Who is this guy?
Really?
In December, I will have worked for the Airline 20 years. Before that, it was the University for 8 years. 28 years working in IT. Which means....desk jobs, more or less. Programming, Development, Production Support, Pagers, Databases, COBOL, JCL. But it was not always that way...
I worked for the YMCA (youth Camps) for some five summers. I worked libraries, restaurants, Forest Service, worked for a plumber digging ditches, and I worked as a Page at the library. I mowed lawns, painted apartments. Most of those jobs were on my feet, some were outdoors, almost every job much more physical then what I do now.
How did this come to be? Where did I make the turn in my life from a physical worker to a sedentary worker?
Daughters, I suppose. At the time I met my beautiful wife, I was a nomad of sorts. I lived from paycheck to paycheck, job to job. I sought adventure, I sought the outdoors, I led a physical existence. I drove a Motorcycle and was never in the same place more then 5 or 6 months. With marriage and two quick daughters...the need for responsibility/grounding/clipping of wings had to take place. My daughters needed health insurance, a home, some degree of stability. They needed a Mother and Father. Not to mention, I needed all that too.

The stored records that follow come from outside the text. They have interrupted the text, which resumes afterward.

Lemma Lin_mul_joinr x S : idom L x -> imul L x (ijoin L S) = ijoin L (image (imul L x) S).
Proof.
  intros [g Hg]; apply functional_extensionality; intro p; simpl.
  rewrite (adjoint_psup _ _ _ Hg); apply psup_ext; intro z; unfold image; split.
  - intros [w [[f [Sf ->]] ->]]; exists (fun q => x (f q)); split; eauto.
  - intros [h [[f [Sf ->]] ->]]; exists (f p); split; eauto.
Qed.

Lemma Lin_mul_joinl x S :
  imul L (ijoin L S) x = ijoin L (image (fun s => imul L s x) S).
Proof.
  apply functional_extensionality; intro p; simpl.
  apply psup_ext; intro z; unfold image; split.
  - intros [f [Sf ->]]; exists (fun q => f (x q)); split; eauto.
  - intros [h [[f [Sf ->]] ->]]; eauto.
Qed.

Lemma Lin_starK x : idom L x -> istar L (istar L x) = x.
Proof.
  intros Hx; apply (adjoint_unique (istar L x)).
  - apply Lin_star_adjoint; exists x; apply adjoint_sym, Lin_star_adjoint, Hx.
  - apply adjoint_sym, Lin_star_adjoint, Hx.
Qed.

Lemma Lin_star_mul x y : idom L x -> idom L y ->
  istar L (imul L x y) = imul L (istar L y) (istar L x).
Proof.
  intros Hx Hy; apply (adjoint_unique (imul L x y) _ (imul L (istar L y) (istar L x))).
  - apply Lin_star_adjoint; destruct Hx as [gx Hx], Hy as [gy Hy].
    eexists; apply (adjoint_comp _ _ _ _ Hx Hy).
  - exact (adjoint_comp _ _ _ _ (Lin_star_adjoint x Hx) (Lin_star_adjoint y Hy)).
Qed.

Lemma Lin_star_join S : sub_dom L S -> istar L (ijoin L S) = ijoin L (image (istar L) S).
Proof.
  intros HS; apply (adjoint_unique (ijoin L S)).
  - apply Lin_star_adjoint, Lin_dom_join, HS.
  - replace (ijoin L (image (istar L) S))
      with (fun y => psup M (image (fun f => istar L f y) S)).
    + apply Lin_join_adjoint, HS.
    + apply functional_extensionality; intro y; rewrite Lin_join_app.
      apply psup_ext; intro z; unfold image; split.
      * intros [f [Sf ->]]; exists (istar L f); split; eauto.
      * intros [h [[f [Sf ->]] ->]]; eauto.
Qed.

Lemma Lin_star_til x : istar L (itil L x) = itil L x.
Proof.
  apply (adjoint_unique (itil L x)); [| apply sasaki_adjoint].
  apply Lin_star_adjoint; eexists; apply sasaki_adjoint.
Qed.

Lemma Lin_til_mul_tiltil x y : itil L (imul L x (itil L (itil L y))) = itil L (imul L x y).
Proof.
  apply Lin_til_ext; change (x (itil L (itil L y) (ptop M)) = x (y (ptop M))).
  rewrite Lin_tiltil, sasaki_ptop; reflexivity.
Qed.

Lemma Lin_til_join_tiltil S :
  itil L (ijoin L (image (fun x => itil L (itil L x)) S)) = itil L (ijoin L S).
Proof.
  apply Lin_til_ext; rewrite !Lin_join_app; apply psup_ext; intro z; unfold image; split.
  - intros [h [[f [Sf ->]] ->]]; exists f; rewrite Lin_tiltil, sasaki_ptop; auto.
  - intros [f [Sf ->]]; exists (itil L (itil L f)); split; [eauto |].
    rewrite Lin_tiltil, sasaki_ptop; reflexivity.
Qed.

Lemma Lin_tiltil_mul x y :
  itil L (itil L (imul L (itil L (itil L x)) y)) =
  itil L (ijoin L (pair2 (itil L x) (itil L (ijoin L (pair2 (itil L x) y))))).
Proof.
  apply Lin_til_ext.
  rewrite Lin_til_ptop, !Lin_join2_app, !Lin_til_ptop, Lin_join2_app, Lin_til_ptop.
  change (oc (itil L (itil L x) (y (ptop M))) =
          pjoin2 M (oc (x (ptop M))) (oc (pjoin2 M (oc (x (ptop M))) (y (ptop M))))).
  rewrite Lin_tiltil; unfold sasaki; rewrite poc_pmeet2; reflexivity.
Qed.
(* Consider the Best-or-Worst secretary problem with $n\ge1$ candidates. Then there exists an integer $r(n)$ with $0\le r(n)\le n$ such that the following strategy is optimal (maximizes the probability of success among all strategies): reject the first $r(n)$ interviewed candidates; after that, accept the first candidate which is either better than all the preceding candidates or worse than all the preceding candidates.
   Context: Setting (secretary-type problem): $n$ candidates have distinct qualities (a strict total order) and are interviewed one at a time in uniformly random order (all $n!$ orders equally likely). After the $k$-th interview, the interviewer knows only the relative ranks of the first $k$ candidates among themselves and must immediately and irrevocably either accept the $k$-th candidate (stopping the process) or reject it; rejected candidates cannot be recalled. A strategy is a rule that makes this decision at each step using only the relative ranks observed so far (it may end up accepting nobody). In the Best-or-Worst problem, the strategy succeeds if the accepted candidate is either the overall best or the overall worst of all $n$ candidates (the two outcomes are equally valued); a strategy is optimal if it maximizes the probability of success. *)

From mathcomp Require Import all_boot all_order all_fingroup all_algebra.
Set Implicit Arguments. Unset Strict Implicit. Unset Printing Implicit Defensive.
Import GRing.Theory Num.Theory.

(* An interview order with qualities: sigma k = quality of the candidate
   interviewed at (0-based) step k; qualities are 0 (worst) .. n-1 (best).
   A uniformly random sigma : {perm 'I_n} models the uniformly random order. *)

Definition relrank n (sigma : {perm 'I_n}) (k : nat) (i : 'I_n) : nat :=
  #|[pred j : 'I_n | (j < k) && (sigma j < sigma i)]|.

(* The information available after the k-th interview: the sequence of the
   relative ranks of the first k candidates among themselves. *)
Definition pattern n (sigma : {perm 'I_n}) (k : nat) : seq nat :=
  map (relrank sigma k) (filter (fun i : 'I_n => (i < k)%N) (enum 'I_n)).

(* A (deterministic) strategy: after the k-th interview, given the observed
   relative ranks of the first k candidates (a sequence of length k), decide
   whether to accept (true) the k-th candidate. *)
Definition strategy := seq nat -> bool.

Definition success n (s : strategy) (sigma : {perm 'I_n}) : bool :=
  [exists k : 'I_n,
     [&& s (pattern sigma k.+1),
         [forall j : 'I_n, (j < k) ==> ~~ s (pattern sigma j.+1)] &
         (val (sigma k) == 0) || (val (sigma k) == n.-1)]].

Definition success_prob n (s : strategy) : rat :=
  ((#|[set sigma : {perm 'I_n} | success s sigma]|)%:R / (n`!)%:R)%R.

Definition threshold (r : nat) : strategy := fun p =>
  (r < size p) && ((last 0 p == 0) || (last 0 p == (size p).-1)).

From mathcomp Require Import all_boot all_order all_fingroup all_algebra.
From mathcomp Require Import zify lra.
Import Order.TTheory GRing.Theory Num.Theory.
Set Implicit Arguments. Unset Strict Implicit. Unset Printing Implicit Defensive.

(* A strategy only sees relative ranks, so whether it has rejected the first [k]
   candidates depends only on the comparisons among them.  Inserting the last
   candidate at a uniformly random quality shows that, given any such event, the
   relative rank of candidate [k] is uniform on [0..k], and that a relatively best
   (worst) [k]-th candidate is best (worst) overall with probability [(k+1)/n].
   So if [p k] counts the orders in which the strategy stops at [k] on a
   relatively extreme candidate and [q k] those in which it reaches [k], then
   [n * #successes = \sum_k w k * p k] with [0 <= p k <= a k * q k] and
   [q k.+1 <= q k - p k], where [a k = 2/(k+1)] ([a 0 = 1]) and the weight
   [w k] ([= k+1] for [k > 0]) is increasing.  Backward induction bounds any such sum by [v 0 * n`!], where [v]
   is the dynamic-programming value; [v] decreases, and equality holds for the
   threshold strategy that starts accepting at the first [k] with
   [v k.+1 <= w k]. *)

Lemma card_ord_pred n (p : pred nat) : #|[pred j : 'I_n | p j]| = count p (iota 0 n).
Proof. by rewrite -val_enum_ord count_map -size_filter cardE /enum_mem filter_predT. Qed.

Lemma filter_iota_lt m n : m <= n -> [seq i <- iota 0 n | i < m] = iota 0 m.
Proof. by move=> hmn; have := filter_iota_ltn 0 hmn; rewrite add0n. Qed.

Lemma count_iota_prefix m n (p : pred nat) : m <= n ->
  count (fun j => (j < m) && p j) (iota 0 n) = count p (iota 0 m).
Proof.
move=> hmn; rewrite -(filter_iota_lt hmn) count_filter.
by apply: eq_count => j; rewrite /= andbC.
Qed.

Lemma count_iota_lt c n : c <= n -> count (fun j => j < c) (iota 0 n) = c.
Proof. by move=> hcn; rewrite -size_filter filter_iota_lt ?size_iota. Qed.

Lemma iotaSr m : iota 0 m.+1 = rcons (iota 0 m) m.
Proof. by rewrite -cats1 -addn1 iotaD. Qed.

Lemma card_perm_pred n (s : {perm 'I_n}) (p : pred 'I_n) :
  #|[pred j | p (s j)]| = #|[pred a | p a]|.
Proof.
transitivity #|s @^-1: [set a | p a]|; first by apply: eq_card => j; rewrite !inE.
by rewrite card_preimset; [apply: eq_card => a; rewrite inE | exact: perm_inj].
Qed.

Lemma sum_ord_eq n c X : c < n -> \sum_(v < n) (val v == c) * X = X.
Proof.
move=> hc; rewrite (bigD1 (Ordinal hc)) //= eqxx mul1n big1 ?addn0 // => v hv.
by rewrite (negbTE (hv : val v != c)).
Qed.

Lemma sum_ord_ltn n X : \sum_(v < n.+1) (v < n) * X = n * X.
Proof.
rewrite big_ord_recr /= ltnn addn0.
by under eq_bigr do rewrite ltn_ord mul1n; rewrite sum_nat_const card_ord.
Qed.

Lemma sum_ord_gt0 n X : \sum_(v < n.+1) (0 < v) * X = n * X.
Proof.
rewrite big_ord_recl /= add0n.
by under eq_bigr do rewrite mul1n; rewrite sum_nat_const card_ord.
Qed.

Lemma bump_eq_last n v a : a < n -> v <= n -> (bump v a == n) = (a == n.-1) && (v < n).
Proof. by move=> ha hv; rewrite /bump; case: (leqP v a) => h /=; lia. Qed.

Lemma bump_eq0 v a : (bump v a == 0) = (a == 0) && (0 < v).
Proof. by rewrite /bump; case: (leqP v a) => h /=; lia. Qed.

Lemma existsb_sum_uniq (T : finType) (b : pred T) :
  (forall i j, b i -> b j -> i = j) -> [exists k, b k] = \sum_k b k :> nat.
Proof.
move=> hb; case: existsP => [[k hk] | h].
  rewrite (bigD1 k) //= hk big1 // => j hjk; case: (boolP (b j)) => // hj.
  by rewrite (hb _ _ hj hk) eqxx in hjk.
by rewrite big1 // => j _; case: (boolP (b j)) => // hj; case: h; exists j.
Qed.

Lemma find_iota_upclosed (p : pred nat) n : (forall i j, i <= j < n -> p i -> p j) ->
  forall j, j < n -> (find p (iota 0 n) <= j) = p j.
Proof.
move=> hp j hj; apply/idP/idP => [hr | pj]; last first.
  by rewrite leqNgt; apply/negP => /(before_find 0); rewrite nth_iota // add0n pj.
have hrn : find p (iota 0 n) < n := leq_ltn_trans hr hj.
apply: (hp (find p (iota 0 n))); first by rewrite hr.
have hhas : has p (iota 0 n) by rewrite has_find size_iota.
by have := nth_find 0 hhas; rewrite nth_iota // add0n.
Qed.

Lemma descending_ind n (P : nat -> Prop) : P n -> (forall k, k < n -> P k.+1 -> P k) ->
  forall k, k <= n -> P k.
Proof.
move=> Pn PS k hk; have [m] := ubnP (n - k); elim: m k hk => // m IH k hk hm.
have [-> //|hkn] := eqVneq k n.
have hkn' : k < n by rewrite ltn_neqAle hkn hk.
by apply: PS hkn' (IH _ hkn' _); lia.
Qed.

(* [qual s i] is the quality of the [i]-th candidate, with the junk value 0
   for [i >= n]: this lets comparisons be relations on [nat]. *)
Definition qual n (s : {perm 'I_n}) (i : nat) : nat :=
  oapp (fun j : 'I_n => val (s j)) 0 (insub i).

Definition worse n (s : {perm 'I_n}) : rel nat := fun i j => qual s i < qual s j.

Lemma qualE n (s : {perm 'I_n}) (j : 'I_n) : qual s j = s j.
Proof. by rewrite /qual valK. Qed.

Lemma qual_lt n (s : {perm 'I_n}) i : i < n -> qual s i < n.
Proof. by move=> hi; rewrite -[i]/(val (Ordinal hi)) qualE. Qed.

Lemma worse_irr n (s : {perm 'I_n}) : irreflexive (worse s).
Proof. by move=> i; rewrite /worse ltnn. Qed.

Definition nworse (R : rel nat) (k i : nat) : nat := count (R^~ i) (iota 0 k).

Definition patternR (R : rel nat) (m : nat) : seq nat := [seq nworse R m i | i <- iota 0 m].

Lemma relrankE n (s : {perm 'I_n}) m (i : 'I_n) : m <= n ->
  relrank s m i = nworse (worse s) m i.
Proof.
move=> hm; rewrite /relrank /nworse -(count_iota_prefix _ hm) -card_ord_pred.
by apply: eq_card => j; rewrite !inE /worse !qualE.
Qed.

Lemma patternE n (s : {perm 'I_n}) m : m <= n -> pattern s m = patternR (worse s) m.
Proof.
move=> hm; rewrite /pattern /patternR -(filter_iota_lt hm) -val_enum_ord.
by rewrite filter_map -map_comp; apply: eq_map => i /=; rewrite relrankE.
Qed.

Lemma last_patternR R k : irreflexive R -> last 0 (patternR R k.+1) = nworse R k k.
Proof.
move=> irrR; rewrite /patternR /nworse iotaSr map_rcons last_rcons.
by rewrite -cats1 count_cat /= irrR !addn0.
Qed.

Definition observable T m (e : rel nat -> T) :=
  forall R R' : rel nat, (forall i j, i < m -> j < m -> R i j = R' i j) -> e R = e R'.

Lemma observableW T m m' (e : rel nat -> T) : m <= m' -> observable m e -> observable m' e.
Proof.
move=> hm he R R' h; apply: he => i j hi hj.
by apply: h; apply: leq_trans hm.
Qed.

Lemma observable_nworse k i : i <= k -> observable k.+1 (fun R => nworse R k i).
Proof.
move=> hik R R' h; apply: eq_in_count => j; rewrite mem_iota add0n => /andP[_ hj].
by apply: h; [exact: ltnW | rewrite ltnS].
Qed.

Lemma observable_patternR m : observable m (patternR^~ m).
Proof.
move=> R R' h; apply/eq_in_map => i; rewrite mem_iota add0n => /andP[_ hi].
apply: eq_in_count => j; rewrite mem_iota add0n => /andP[_ hj]; exact: h.
Qed.
(* Witness: the conjugates of the coset representatives of [N] in [H] by representatives
   of the finitely many cosets of [normalizer H]. *)
Lemma conjugates_finite_mod (H N : G -> Prop) : orbital G H -> is_subgroup G N -> normal G N ->
  finite_index G N H ->
  exists C b, (forall c, In c C -> conjugates_of H c) /\
    (forall x, conjugates_of H x -> exists c, In c C /\ eqmod N c x) /\
    (forall c, In c C -> exists k, 1 <= k <= b /\ N (prodg (repeat c k))).
Proof.
  intros oH sN nN [lH [HlH cov]]. pose proof oH as [[sH _] _].
  destruct (orbital_finitely_many_conjugates H oH) as [lg Hlg].
  exists (flat_map (fun a => map (conjugate (inv a)) lH) lg), (length lH).
  split; [|split].
  - intros c Hc. apply in_flat_map in Hc as [a [_ Hc]]. apply in_map_iff in Hc as [t [<- Ht]].
    exists (inv a), t. auto.
  - intros x [g [h [Hh ->]]]. destruct (Hlg (inv g)) as [a [Ha Ea]].
    assert (Hah : H (conjugate a (conjugate g h))).
    { apply Ea. rewrite conjugate_comp, mulVg, conjugate_one. auto. }
    destruct (cov _ Hah) as [t [Ht Nt]]. exists (conjugate (inv a) t). split.
    + apply in_flat_map. exists a. split; auto. apply in_map; auto.
    + unfold eqmod.
      replace (inv (conjugate (inv a) t) * conjugate g h)
        with (conjugate (inv a) (inv t * conjugate a (conjugate g h)))
        by (unfold conjugate; gsimpl; reflexivity).
      apply nN; auto.
  - intros c Hc. apply in_flat_map in Hc as [a [_ Hc]]. apply in_map_iff in Hc as [t [<- Ht]].
    destruct (power_in_finite_index_subgroup N H lH sN sH cov t (HlH t Ht)) as [k [Hk Nk]].
    exists k. split; auto. rewrite prodg_repeat_conjugate. apply nN; auto.
Qed.

Lemma normal_closure_finite_index (H N : G -> Prop) : orbital G H -> is_subgroup G N ->
  normal G N -> subset G N H -> finite_index G N H -> finite_index G H (normal_closure H).
Proof.
  intros oH sN nN sNH fNH.
  destruct (conjugates_finite_mod H N oH sN nN fNH) as [C [b [C_conj [C_rep C_tors]]]].
  assert (C_closed : forall c e, In c C -> In e C ->
            exists e', In e' C /\ eqmod N e' (inv c * (e * c))).
  { intros c e Hc He. apply C_rep.
    replace (inv c * (e * c)) with (conjugate (inv c) e) by (unfold conjugate; gsimpl; reflexivity).
    apply conjugates_of_conjugate, C_conj; auto. }
  assert (to_C : forall w, (forall x, In x w -> conjugates_of H x) ->
            exists wc, incl wc C /\ eqmod N (prodg wc) (prodg w)).
  { induction w as [|x w IH]; intro Hw.
    - exists nil. split; [intros _ []|apply eqmod_refl; auto].
    - destruct IH as [wc [Iwc Ewc]]; [intros; apply Hw; right; auto|].
      destruct (C_rep x (Hw x (or_introl eq_refl))) as [c [Hc Ec]].
      exists (c :: wc). split; [intros a [<-|Ha]; auto|]. apply eqmod_mul; auto. }
  exists (map prodg (words_upto C (length C * b))). split.
  - intros y Hy. apply in_map_iff in Hy as [w [<- Hw]]. exists w. split; auto.
    intros x Hx. apply C_conj, (words_upto_incl C _ w Hw); auto.
  - intros y [w [Hw <-]]. destruct (to_C w Hw) as [wc [Iwc Ewc]].
    destruct (dietzmann N sN nN C b C_tors C_closed wc Iwc) as [w' [Iw' [Lw' Ew']]].
    exists (prodg w'). split; [apply in_map, in_words_upto; auto|].
    apply sNH, (eqmod_trans N sN _ _ _ Ew' Ewc).
Qed.

Lemma closed_of_finite_index (H L : G -> Prop) : is_closed G H -> is_subgroup G L ->
  subset G H L -> finite_index G H L -> is_closed G L.
Proof.
  intros cH [_ [LM _]] sHL [l [Hl cov]].
  eapply open_ext; [apply (closed_union_list (fun g x => H (inv g * x)) l);
                    intros; apply closed_lcoset; auto|].
  intro x; split; intros Hn Hx; apply Hn; [auto|].
  destruct Hx as [g [Hg Hgx]]. replace x with (g * (inv g * x)) by (gsimpl; reflexivity). auto.
Qed.

Lemma normal_orbital (L : G -> Prop) : closed_subgroup G L -> normal G L -> orbital G L.
Proof.
  intros cL nL. split; auto. eapply open_ext; [apply open_full|]. intro g; split; auto. intros _ x.
  split; intro Lx.
  - pose proof (nL (inv g) x Lx) as Lx'. rewrite invgK in Lx'. auto.
  - replace x with (g * ((inv g * (x * g)) * inv g)) by (gsimpl; reflexivity). apply nL; auto.
Qed.

Lemma isolated_orbital_normal (H N : G -> Prop) : isolated_orbital G H -> is_subgroup G N ->
  subset G N H -> finite_index G N H -> normal G N -> normal G H.
Proof.
  intros [oH iso] sN sNH fNH nN. pose proof oH as [[sH cH] _].
  pose proof (normal_closure_finite_index H N oH sN nN sNH fNH) as fHL.
  pose proof (is_subgroup_normal_closure H sH) as sL.
  assert (oL : orbital G (normal_closure H)).
  { apply normal_orbital; [split; auto|apply normal_normal_closure].
    apply (closed_of_finite_index H); auto. apply subset_normal_closure. }
  intros g x Hx. apply NNPP. intro Hn.
  apply (iso (normal_closure H) oL (subset_normal_closure H)); auto.
  exists (conjugate g x). split; auto. apply normal_normal_closure, subset_normal_closure; auto.
Qed.

End ProfiniteGroupTheory.

Theorem lemma1p13 (G : ProfiniteGroup) (hmax : max_condition G) :
  (forall H : G -> Prop, isolated_orbital G H -> normal G H) <->
  (forall K : G -> Prop, orbital G K ->
     exists N : G -> Prop, is_subgroup G N /\ subset G N K /\
       finite_index G N K /\ normal G N).
Proof.
  split.
  - intros isolated_normal K oK.
    destruct (isolated_finite_index_overgroup G K hmax oK) as [M [iM [sKM fKM]]].
    pose proof iM as [[[sM _] _] _].
    apply (normal_core_finite_index G K M); auto.
  - intros has_normal_core H iH.
    destruct (has_normal_core H (proj1 iH)) as [N [sN [sNH [fNH nN]]]].
    apply (isolated_orbital_normal G H N); auto.
Qed.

All good. No doubt. Every responsible Father needs to turn that corner if he is going to be of worth. Cowboy up!!!
Still, looking back at the change in my personality, I sometimes miss the nomad part of myself. When I hear a train-whistle, I can't help but think of riding freight cars across California, Nevada, and Utah. When I smell the pine, I can't help but think of leading groups of youth on hikes into the Bradshaw mountains or down Havasupi. When I see graffiti, I think about writing short poems on a highway underpass is Canada while waiting for the next ride to pick me up.
How far have we evolved from the nomad tribes of our ancestors? As men, where do we draw the line and divorce ourselves from our testosterone induced heritage...fight of flight, pick up our tent and move on, conquer our enemies, plant our staffs upon the earth and piss around to mark our territory?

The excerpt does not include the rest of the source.